** Opening SUPPLIED INFORMATION block **

Lemma child_sel_all u b S : all (prefix (rcons u b)) S -> child_sel u b S = S.
Proof. exact/all_filterP. Qed.

Lemma child_sel_other u b S : all (prefix (rcons u (~~ b))) S -> child_sel u b S = [::].
Proof.
move=> pS; rewrite /child_sel (eq_in_filter (a2 := pred0)) ?filter_pred0 // => w.
by move/(allP pS)/prefix_rcons_other; rewrite negbK.
Qed.

Lemma child_sel_cat u b Sl Sr :
  all (prefix (rcons u false)) Sl -> all (prefix (rcons u true)) Sr ->
  child_sel u b (Sl ++ Sr) = if b then Sr else Sl.
Proof.
move=> pSl pSr; rewrite [LHS]filter_cat -!/(child_sel u b _); case: b.
  by rewrite (child_sel_other (b := true) pSl) (child_sel_all pSr).
by rewrite (child_sel_all pSl) (child_sel_other (b := false) pSr) cats0.
Qed.

Lemma sel_in_cat u Sl Sr : sel_in (rcons u false) Sl -> sel_in (rcons u true) Sr ->
  sel_in u (Sl ++ Sr).
Proof.
case/and3P=> uniqSl pSl iSl /and3P[uniqSr pSr iSr].
rewrite /sel_in cat_uniq uniqSl uniqSr !all_cat iSl iSr !andbT /=; apply/andP; split.
  apply/hasP => -[w wSr wSl]; move: (allP pSl w wSl) (allP pSr w wSr).
  by move/(prefix_rcons_other (b := false)) ->.
by apply/andP; split; [apply: (sub_all _ pSl) | apply: (sub_all _ pSr)] => w; apply: prefix_rconsl.
Qed.

Lemma sel_in_cons u S : is_internal t u -> u \notin S -> sel_in u S -> sel_in u (u :: S).
Proof. by move=> iu uS /and3P[uniqS pS iS]; rewrite /sel_in /= uS uniqS prefix_refl iu pS iS. Qed.

Lemma ctx_benefit_child_sel s u b v S :
  ctx_benefit s (rcons u b) v (child_sel u b S) = ctx_benefit s (rcons u b) v S.
Proof. by apply: eq_ctx_benefit => w ubw; rewrite mem_filter ubw. Qed.

Lemma Dt0 s u v : D s u 0 v = Some 0.
Proof.
elim: s u v => [c|x c l IHl r IHr] u v //=.
by rewrite /Dminus_of /splitmax big_ord_recl big_ord0 /= IHl subnn IHr /= addr0.
Qed.

Lemma Dt_nodeE x c l r u kap v :
  D (BNode x c l r) u kap v =
  if (kap <= minn k (bsize (BNode x c l r)))%N then
    omax (Dplus_of t Pr Z (D l (rcons u false)) (D r (rcons u true)) u v kap)
         (Dminus_of (D l (rcons u false)) (D r (rcons u true)) v kap)
  else None.
Proof. by []. Qed.

Definition Dt_ub (s : btree X R) (u : addr) : Prop :=
  forall v kap S, is_ctx u v -> (kap <= minn k (bsize s))%N -> sel_in u S ->
    (size S <= kap)%N -> ole (Some (ctx_benefit s u v S)) (D s u kap v).

Section Node.
Variables (x : X) (c : R) (l r : btree X R) (u : addr).
Hypothesis tu : subtree t u = Some (BNode x c l r).

Local Notation node := (BNode x c l r).
Local Notation Dl := (D l (rcons u false)).
Local Notation Dr := (D r (rcons u true)).

Lemma ctx_benefit_node v S : is_ctx u v ->
  ctx_benefit node u v S =
  if u \in S then Bpair t Pr Z u v + ctx_benefit l (rcons u false) (Some u) (child_sel u false S)
                    + ctx_benefit r (rcons u true) (Some u) (child_sel u true S)
  else ctx_benefit l (rcons u false) v (child_sel u false S)
       + ctx_benefit r (rcons u true) v (child_sel u true S).
Proof.
move=> uv; rewrite !ctx_benefit_child_sel (BpairE tu uv) /ctx_benefit.
case: ifP => uS; rewrite -!big_split;
  apply: eq_bigr => q _ /=; rewrite uS /=; last by rewrite orbF mul0r add0r mulrDr.
have -> : ctx_covered q v || (vars t u \subset Z q) = (vars t u \subset Z q).
  by case cov: (ctx_covered q v); rewrite //= (ctx_covered_sub tu uv cov).
by rewrite !mulrDr !mulrA.
Qed.

Lemma child_sel_sizes S : sel_in u S ->
  [/\ size S = ((u \in S) + size (child_sel u false S) + size (child_sel u true S))%N,
      (size (child_sel u false S) <= bsize l)%N & (size (child_sel u true S) <= bsize r)%N].
Proof.
move=> selS; split; first exact: size_child_sel.
- exact: sel_in_size (subtree_child false tu) (sel_in_child false selS).
- exact: sel_in_size (subtree_child true tu) (sel_in_child true selS).
Qed.

Lemma ctx_benefit_cons_cat v Sl Sr : is_ctx u v ->
  all (prefix (rcons u false)) Sl -> all (prefix (rcons u true)) Sr ->
  ctx_benefit node u v (u :: Sl ++ Sr) =
  Bpair t Pr Z u v + ctx_benefit l (rcons u false) (Some u) Sl
  + ctx_benefit r (rcons u true) (Some u) Sr.
Proof.
by move=> uv pSl pSr; rewrite ctx_benefit_node // mem_head !child_sel_cons !child_sel_cat.
Qed.

Lemma ctx_benefit_cat v Sl Sr : is_ctx u v ->
  all (prefix (rcons u false)) Sl -> all (prefix (rcons u true)) Sr ->
  ctx_benefit node u v (Sl ++ Sr) =
  ctx_benefit l (rcons u false) v Sl + ctx_benefit r (rcons u true) v Sr.
Proof.
move=> uv pSl pSr; rewrite ctx_benefit_node // !child_sel_cat // mem_cat.
by rewrite (negbTE (notin_rcons_sel pSl)) (negbTE (notin_rcons_sel pSr)).
Qed.

Hypotheses (costs_node : costs_ge0 node).
Hypotheses (ub_l : Dt_ub l (rcons u false)) (ub_r : Dt_ub r (rcons u true)).

(* Selecting [u] never loses: either [u] itself becomes counted, and [C(u)]
   dominates everything below it, or the blocking status below is unchanged. *)
Lemma ctx_benefit_cons_ge v S : u \notin S ->
  ctx_benefit node u v S <= ctx_benefit node u v (u :: S).
Proof.
move=> uS; apply: ler_sum => q _; apply: ler_wpM2l => //.
set b := ctx_covered q v.
case cov: ((vars t u \subset Z q) && ~~ b).
  apply: le_trans (qgain_le_Ctot q b (fun w => w \in S) costs_node tu) _.
  by case/andP: cov => V nb; rewrite /= mem_head V nb /= orbT !qgain_blocked mul1r !addr0.
have same_below b' (s : btree X R) (b0 : bool) :
    qgain q s (rcons u b0) b' (fun w => w \in S)
    = qgain q s (rcons u b0) b' (fun w => w \in u :: S).
  by apply: eq_qgain => w uw; rewrite in_cons (prefix_rcons_neq uw).
rewrite /= mem_head (negbTE uS) /= cov orbF !same_below.
by have -> : b || (vars t u \subset Z q) = b by case: b cov; case: (_ \subset _).
Qed.

Lemma ole_Dplus v kap S : is_ctx u v -> (kap <= minn k (bsize node))%N -> sel_in u S ->
  (size S <= kap)%N -> u \in S ->
  ole (Some (ctx_benefit node u v S)) (Dplus_of t Pr Z Dl Dr u v kap).
Proof.
move=> uv le_kap selS sizeS uS; rewrite ctx_benefit_node // uS.
have [sizeE sizel sizer] := child_sel_sizes selS; rewrite uS in sizeE.
case: kap le_kap sizeS => [|kap] /= le_kap sizeS; first by rewrite sizeE in sizeS.
have [|||i le_ik [capl capr ubl ubr]] := split_budget (k := k) (n := kap) sizel sizer; try lia.
rewrite -addrA /Dplus_of; apply: ole_oadd2l.
apply: (ole_splitmax (F := fun j => Dl j (Some u)) (G := fun j => Dr j (Some u)) le_ik);
  [apply: ub_l | apply: ub_r];
  by rewrite ?is_ctx_parent ?sel_in_child.
Qed.

Lemma ole_Dminus v kap S : is_ctx u v -> sel_in u S -> (size S <= kap)%N -> (kap <= k)%N ->
  (kap <= minn k (bsize l) + minn k (bsize r))%N -> u \notin S ->
  ole (Some (ctx_benefit node u v S)) (Dminus_of Dl Dr v kap).
Proof.
move=> uv selS sizeS le_kk le_kap uS; rewrite ctx_benefit_node // (negbTE uS).
have [sizeE sizel sizer] := child_sel_sizes selS; rewrite (negbTE uS) add0n in sizeE.
have [|i le_ik [capl capr ubl ubr]] := split_budget sizel sizer _ le_kk le_kap; first lia.
apply: (ole_splitmax le_ik); [apply: ub_l | apply: ub_r];
  by rewrite ?is_ctx_child ?sel_in_child.
Qed.

Lemma Dt_ub_node : Dt_ub node u.
Proof.
move=> v kap S uv le_kap selS sizeS; rewrite Dt_nodeE le_kap.
have [uS | uS] := boolP (u \in S).
  exact: ole_trans (ole_Dplus uv le_kap selS sizeS uS) (ole_omaxl _ _).
have le_kk : (kap <= k)%N by move: le_kap; rewrite leq_min => /andP[].
have [fits | overflow] := leqP kap (minn k (bsize l) + minn k (bsize r)).
  exact: ole_trans (ole_Dminus uv selS sizeS le_kk fits uS) (ole_omaxr _ _).
apply: (@ole_trans _ _ (Some (ctx_benefit node u v (u :: S)))).
  exact: ctx_benefit_cons_ge.
apply: ole_trans _ (ole_omaxl _ _).
have [sizeE sizel sizer] := child_sel_sizes selS; rewrite (negbTE uS) add0n in sizeE.
apply: ole_Dplus => //=; last exact: mem_head.
  by apply: sel_in_cons; rewrite // /is_internal tu.
by rewrite sizeE; lia.
Qed.

End Node.

Lemma Dt_ub_subtree s u : costs_ge0 s -> subtree t u = Some s -> Dt_ub s u.
Proof.
elim: s u => [c|x c l IHl r IHr] u cs tu; last first.
  have /and3P[_ cl cr] := cs.
  exact: Dt_ub_node tu cs (IHl _ cl (subtree_child false tu)) (IHr _ cr (subtree_child true tu)).
move=> v kap S _ le_kap /and3P[_ _ iS] _; rewrite ctx_benefit_leaf /= ?le_kap ?lexx //.
by apply/negP => /(allP iS); rewrite /is_internal tu.
Qed.

Lemma Construct_sound s u kap v S : Construct t Pr Z k s u kap v S ->
  subtree t u = Some s -> is_ctx u v -> forall d, D s u kap v = Some d ->
  [/\ sel_in u S, (size S <= kap)%N & ctx_benefit s u v S = d].
Proof.
elim=> {s u kap v S} [c u kap v | x c l r u v D1
  | x c l r u kap v i Sl Sr lt1k DE le_ik spE _ IHl _ IHr
  | x c l r u kap v i Sl Sr DN le_ik spE _ IHl _ IHr] tu uv d.
- by rewrite ctx_benefit_nil /=; case: ifP => // _ [<-].
- rewrite D1 /Dplus_of /splitmax big_ord_recl big_ord0 /= !Dt0 /= => -[<-].
  have iu : is_internal t u by rewrite /is_internal tu.
  split => //; first by rewrite /sel_in /= prefix_refl iu.
  by rewrite (ctx_benefit_cons_cat tu (Sl := [::]) (Sr := [::])) // !ctx_benefit_nil !addr0.
- have iu : is_internal t u by rewrite /is_internal tu.
  case: kap lt1k DE le_ik spE IHr => // kap _ DE; rewrite succnK => le_ik spE IHr.
  rewrite DE /Dplus_of -spE => /oadd_some[_ [y [[<-] /oadd_some[dl [dr [Dl Dr ->]]] ->]]].
  have [selSl sizeSl <-] := IHl (subtree_child false tu) (is_ctx_parent u false) _ Dl.
  have [selSr sizeSr <-] := IHr (subtree_child true tu) (is_ctx_parent u true) _ Dr.
  have /and3P[_ pSl _] := selSl; have /and3P[_ pSr _] := selSr.
  have uSlr : u \notin Sl ++ Sr.
    by rewrite mem_cat negb_or (notin_rcons_sel pSl) (notin_rcons_sel pSr).
  split; first exact: sel_in_cons iu uSlr (sel_in_cat selSl selSr).
    by rewrite /= size_cat; lia.
  by rewrite ctx_benefit_cons_cat // addrA.
- move=> Dd; move: Dd DN; rewrite Dt_nodeE; case: ifP => // _ Dd /(omax_other Dd).
  rewrite /Dminus_of -spE => /oadd_some[dl [dr [Dl Dr ->]]].
  have [selSl sizeSl <-] := IHl (subtree_child false tu) (is_ctx_child false uv) _ Dl.
  have [selSr sizeSr <-] := IHr (subtree_child true tu) (is_ctx_child true uv) _ Dr.
  have /and3P[_ pSl _] := selSl; have /and3P[_ pSr _] := selSr.
  split; [exact: sel_in_cat | by rewrite size_cat; lia | exact: ctx_benefit_cat].
Qed.

Lemma Construct_exists s u kap v : exists S, Construct t Pr Z k s u kap v S.
Proof.
elim: s u kap v => [c|x c l IHl r IHr] u kap v; first by exists [::]; constructor.
case: (D (BNode x c l r) u kap v =P
      Dplus_of t Pr Z (D l (rcons u false)) (D r (rcons u true)) u v kap) => DE.
  case: kap DE => [|[|kap]] DE.
  - by rewrite Dt0 in DE.
  - by exists [:: u]; apply: CPlus1.
  have [i le_ik spE] := splitmax_attained (fun j => D l (rcons u false) j (Some u))
                                          (fun j => D r (rcons u true) j (Some u)) kap.+1.
  have [Sl consl] := IHl (rcons u false) i (Some u).
  have [Sr consr] := IHr (rcons u true) (kap.+1 - i)%N (Some u).
  by exists (u :: Sl ++ Sr); apply: (CPlus (i := i) _ DE le_ik spE consl consr).
have [i le_ik spE] := splitmax_attained (fun j => D l (rcons u false) j v)
                                        (fun j => D r (rcons u true) j v) kap.
have [Sl consl] := IHl (rcons u false) i v.
have [Sr consr] := IHr (rcons u true) (kap - i)%N v.
by exists (Sl ++ Sr); apply: (CMinus (i := i) DE le_ik spE consl consr).
Qed.

End Optimality.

** Closing SUPPLIED INFORMATION block **

From the entries above, restate word for word the lines from the line containing "sel_in u (Sl ++ Sr)." to the line containing "by move/(prefix_rcons_other (b", both ends included, and nothing more.

(ANSWER TO THE PROBLEM):
  sel_in u (Sl ++ Sr).
Proof.
case/and3P=> uniqSl pSl iSl /and3P[uniqSr pSr iSr].
rewrite /sel_in cat_uniq uniqSl uniqSr !all_cat iSl iSr !andbT /=; apply/andP; split.
  apply/hasP => -[w wSr wSl]; move: (allP pSl w wSl) (allP pSr w wSr).
  by move/(prefix_rcons_other (b := false)) ->.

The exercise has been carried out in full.